WHAT THIS TASK INVOLVES: Give back every line of the material below that has the string "addrACA".

DATASET EXCERPTS:
===============
Definition Lip10 {R : realType} {Y : normedModType R} {n : nat}
  (d : 'I_n.+1 -> 'I_n.+1 -> R) : set {ffun 'I_n.+1 -> Y} :=
  [set y | y ord0 = 0 /\ forall i j, `|y i - y j| <= d i j].

Definition extreme_point {R : numDomainType} {V : lmodType R} (C : set V) (x : V) :=
  C x /\ forall a b (l : R), C a -> C b -> 0 < l < 1 ->
    x = l *: a + (1 - l) *: b -> a = b.

Definition shift_dir {R : realType} {Y : normedModType R} {n : nat}
  (y : {ffun 'I_n.+1 -> Y}) (v : Y) (t : 'rV[R]_n.+1) : {ffun 'I_n.+1 -> Y} :=
  [ffun i => y i + t ord0 i *: v].

Definition Dset {R : realType} {Y : normedModType R} {n : nat}
  (d : 'I_n.+1 -> 'I_n.+1 -> R) (y : {ffun 'I_n.+1 -> Y}) (v : Y)
  : set 'rV[R]_n.+1 :=
  [set t | Lip10 d (shift_dir y v t)].

(* Since t |-> y + t v is affine and
   Lip^1_0 is convex and cut out by finitely many closed conditions, D is a
   convex closed set containing 0; each coordinate t_i is bounded by
   d(x_i, x_0) + |y_i|, so D is compact, and t_0 = 0 because y_0 = 0.

   For the extreme points, call a pair (i, j) tight for z in Lip^1_0 when
   |z_i - z_j| = d(x_i, x_j).  In a strictly convex space, tight pairs are
   rigid under proper convex decompositions of z, so if the tight pairs of z
   connect every point to x_0, then z is an extreme point of Lip^1_0.  If
   some point is not tight-connected to x_0, translating all such points by
   +-e v, with e the least slack of the non-tight pairs, stays in Lip^1_0;
   hence an extreme t of D yields a connected tight graph for y + t v, and
   y + t v is extreme in Lip^1_0. *)

From mathcomp Require Import all_boot all_algebra all_classical all_reals all_analysis.
From mathcomp Require Import ring lra.
Import GRing.Theory Num.Theory numFieldTopology.Exports numFieldNormedType.Exports.
Import order.Order.TTheory.
Local Open Scope classical_set_scope.
Local Open Scope ring_scope.

Section ConvexCombinationNorm.
Context {R : realFieldType} {V : normedModType R}.

Lemma convex_combC (p q : V) (l : R) :
  l *: p + (1 - l) *: q = (1 - l) *: q + (1 - (1 - l)) *: p.
Proof. by rewrite subKr addrC. Qed.

Lemma norm_convex_comb (p q : V) (l : R) : 0 <= l <= 1 ->
  `|l *: p + (1 - l) *: q| <= l * `|p| + (1 - l) * `|q|.
Proof.
case/andP=> l0 l1; apply: le_trans (ler_normD _ _) _.
by rewrite !normrZ !ger0_norm // subr_ge0.
Qed.

Lemma norm_convex_comb_eq (p q : V) (r l : R) : 0 < l < 1 ->
  `|p| <= r -> `|q| <= r -> `|l *: p + (1 - l) *: q| = r -> `|p| = r.
Proof.
case/andP=> l0 l1 pr qr comb_r.
have hl : 0 <= l <= 1 by rewrite !ltW.
have := norm_convex_comb p q l hl; rewrite comb_r => tri.
have q_part : (1 - l) * `|q| <= (1 - l) * r by rewrite ler_wpM2l // subr_ge0 ltW.
by apply/eqP; rewrite eq_le pr -(ler_pM2l l0); lra.
Qed.

End ConvexCombinationNorm.

Section StrictConvexity.
Context {R : realType} {Y : normedModType R}.
Hypothesis strictY : strictly_convex Y.

Lemma strictly_convex_midpoint (p q : Y) (r : R) : 0 < r ->
  `|p| = r -> `|q| = r -> p != q -> `|2^-1 *: (p + q)| < r.
Proof.
move=> r0 pr qr pq.
have r_neq0 : r != 0 by rewrite gt_eqF.
have unit_norm (w : Y) : `|w| = r -> `|r^-1 *: w| = 1.
  by move=> wr; rewrite normrZ ger0_norm ?invr_ge0 ?ltW // wr mulVf.
have : `|2^-1 *: (r^-1 *: p + r^-1 *: q)| < 1.
  apply: strictY; [exact: unit_norm|exact: unit_norm|].
  by apply: contra pq => /eqP/(congr1 ( *:%R r)); rewrite !scalerA mulfV // !scale1r => ->.
rewrite -scalerDr scalerA mulrC -scalerA normrZ ger0_norm ?invr_ge0 ?ltW //.
by rewrite ltr_pdivrMl // mulr1.
Qed.

Lemma strictly_convex_comb (p q : Y) (r l : R) : 0 < r -> 0 < l < 1 ->
  `|p| <= r -> `|q| <= r -> `|l *: p + (1 - l) *: q| = r -> p = q.
Proof.
wlog l_half : p q l / l <= 2^-1 => [hwlog|] r0 hl pr qr comb_r.
  have [l_half|/ltW l_half] := leP l 2^-1; first exact: (hwlog p q l).
  have [l0 l1] := andP hl.
  apply/esym; apply: (hwlog q p (1 - l)) => //; first lra.
  - by rewrite subr_gt0 l1 ltrBlDr ltrDl.
  - by rewrite -convex_combC.
have [l0 l1] := andP hl.
have p_r := norm_convex_comb_eq p q r l hl pr qr comb_r.
have q_r : `|q| = r.
  apply: (norm_convex_comb_eq q p r (1 - l) _ qr pr); last by rewrite -convex_combC.
  by rewrite subr_gt0 l1 ltrBlDr ltrDl.
apply/eqP; apply: contraT => pq.
have mid_lt := strictly_convex_midpoint p q r r0 p_r q_r pq.
have split_comb : l *: p + (1 - l) *: q =
    (2 * l) *: (2^-1 *: (p + q)) + (1 - 2 * l) *: q.
  rewrite [in RHS]scalerA mulrAC mulfV ?pnatr_eq0 // mul1r scalerDr -addrA -scalerDl.
  by congr (_ + _ *: _); ring.
have : `|l *: p + (1 - l) *: q| < r.
  rewrite split_comb; apply: le_lt_trans (ler_normD _ _) _.
  set m := 2^-1 *: (p + q) in mid_lt *.
  have gain : 0 < 2 * l * (r - `|m|) by rewrite !mulr_gt0 ?subr_gt0.
  rewrite (normrZ (2 * l)) (normrZ (1 - 2 * l)) q_r !ger0_norm; lra.
by rewrite comb_r ltxx.
Qed.

End StrictConvexity.

Section LipschitzTuples.
Context {R : realType} {Y : normedModType R} {n : nat}.
Variable d : 'I_n.+1 -> 'I_n.+1 -> R.

Lemma convex_comb_diff (a b : {ffun 'I_n.+1 -> Y}) (l : R) (i j : 'I_n.+1) :
  (l *: a + (1 - l) *: b) i - (l *: a + (1 - l) *: b) j =
  l *: (a i - a j) + (1 - l) *: (b i - b j).
Proof. by rewrite !ffunE !scalerBr opprD addrACA. Qed.

Lemma Lip10_convex (a b : {ffun 'I_n.+1 -> Y}) (l : R) : 0 <= l <= 1 ->
  Lip10 d a -> Lip10 d b -> Lip10 d (l *: a + (1 - l) *: b).
Proof.
move=> /[dup] hl /andP[l0 l1] [a0 La] [b0 Lb]; split.
  by rewrite !ffunE a0 b0 !scaler0 addr0.
move=> i j; rewrite convex_comb_diff.
apply: le_trans (norm_convex_comb _ _ _ hl) _.
have -> : d i j = l * d i j + (1 - l) * d i j by ring.
by rewrite lerD // ler_wpM2l ?subr_ge0.
Qed.

Lemma shift_dirE (y : {ffun 'I_n.+1 -> Y}) (v : Y) (t : 'rV[R]_n.+1) i :
  shift_dir y v t i = y i + t ord0 i *: v.
Proof. by rewrite ffunE. Qed.

Lemma shift_dir0 (y : {ffun 'I_n.+1 -> Y}) (v : Y) : shift_dir y v 0 = y.
Proof. by apply/ffunP => i; rewrite shift_dirE mxE scale0r addr0. Qed.

Lemma shift_dirD (y : {ffun 'I_n.+1 -> Y}) (v : Y) (s t : 'rV[R]_n.+1) :
  shift_dir y v (s + t) = shift_dir (shift_dir y v s) v t.
Proof. by apply/ffunP => i; rewrite !shift_dirE mxE scalerDl addrA. Qed.

Lemma shift_dir_comb (y : {ffun 'I_n.+1 -> Y}) (v : Y) (s t : 'rV[R]_n.+1) l :
  shift_dir y v (l *: s + (1 - l) *: t) =
  l *: shift_dir y v s + (1 - l) *: shift_dir y v t.
Proof.
apply/ffunP => i; rewrite !ffunE !mxE !scalerDr addrACA -scalerDl.
by rewrite [l + _]addrC subrK scale1r !scalerA -scalerDl.
Qed.

Section ParameterSet.
Variables (y : {ffun 'I_n.+1 -> Y}) (v : Y).
Hypotheses (Ly : Lip10 d y) (v1 : `|v| = 1).

Lemma Dset0 : Dset d y v 0.
Proof. by rewrite /Dset /= shift_dir0. Qed.

Lemma Dset_ord0 (t : 'rV[R]_n.+1) : Dset d y v t -> t ord0 ord0 = 0.
Proof.
have v0 : v != 0 by rewrite -normr_eq0 v1 oner_eq0.
case=> + _; rewrite shift_dirE Ly.1 add0r => /eqP.
by rewrite scaler_eq0 (negbTE v0) orbF => /eqP.
Qed.

(* D is convex, as the preimage of the convex set Lip^1_0 by an affine map. *)
Lemma Dset_convex : @convex_set R 'rV[R]_n.+1 (Dset d y v).
Proof.
move=> s t l; rewrite !inE => Ds Dt.
have -> : conv l s t = l%:num *: s + (1 - l%:num) *: t :> 'rV[R]_n.+1 by [].
by rewrite /Dset /= shift_dir_comb; apply: Lip10_convex => //; rewrite ge0 le1.
Qed.

(* Since the shifted tuple is 1-Lipschitz and vanishes at x_0, each
   coordinate of a parameter in D is bounded by d(x_i, x_0) + |y_i|. *)
Lemma Dset_coord_bound (t : 'rV[R]_n.+1) i :
  Dset d y v t -> `|t ord0 i| <= d i ord0 + `|y i|.
Proof.
move=> Dt; have [z0 Lz] := Dt.
have := Lz i ord0; rewrite z0 subr0 shift_dirE => yt_le.
rewrite -[`|t ord0 i|]mulr1 -v1 -normrZ -[_ *: v](addKr (y i)).
apply: le_trans (ler_normD _ _) _.
by rewrite normrN addrC lerD2r.
Qed.

Lemma Dset_bounded : bounded_set (Dset d y v).
Proof.
pose K := \sum_i (d i ord0 + `|y i|).
have d_ge0 i : 0 <= d i ord0 + `|y i|.
  exact: le_trans (normr_ge0 _) (Dset_coord_bound 0 i Dset0).
have K0 : 0 <= K by rewrite sumr_ge0.
exists K; split; first by rewrite ger0_real.
move=> M KM t Dt /=; rewrite /Num.Def.normr /= mx_normrE.
apply: bigmax_le => [|[i j] _ /=]; first exact: le_trans K0 (ltW KM).
rewrite (ord1 i); apply: le_trans (Dset_coord_bound t j Dt) _.
apply: le_trans (ltW KM); rewrite /K (bigD1 j) //= lerDl.
by rewrite sumr_ge0.
Qed.

Lemma shift_dir_continuous i :
  continuous (fun t : 'rV[R]_n.+1 => shift_dir y v t i).
Proof.
move=> t; under eq_fun do rewrite shift_dirE.
exact: cvgD (cvg_cst _) (cvgZ (@coord_continuous R 1 n.+1 ord0 i t) (cvg_cst v)).
Qed.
===============
OUTPUT FOR THIS EXERCISE:
Proof. by rewrite !ffunE !scalerBr opprD addrACA. Qed.
apply/ffunP => i; rewrite !ffunE !mxE !scalerDr addrACA -scalerDl.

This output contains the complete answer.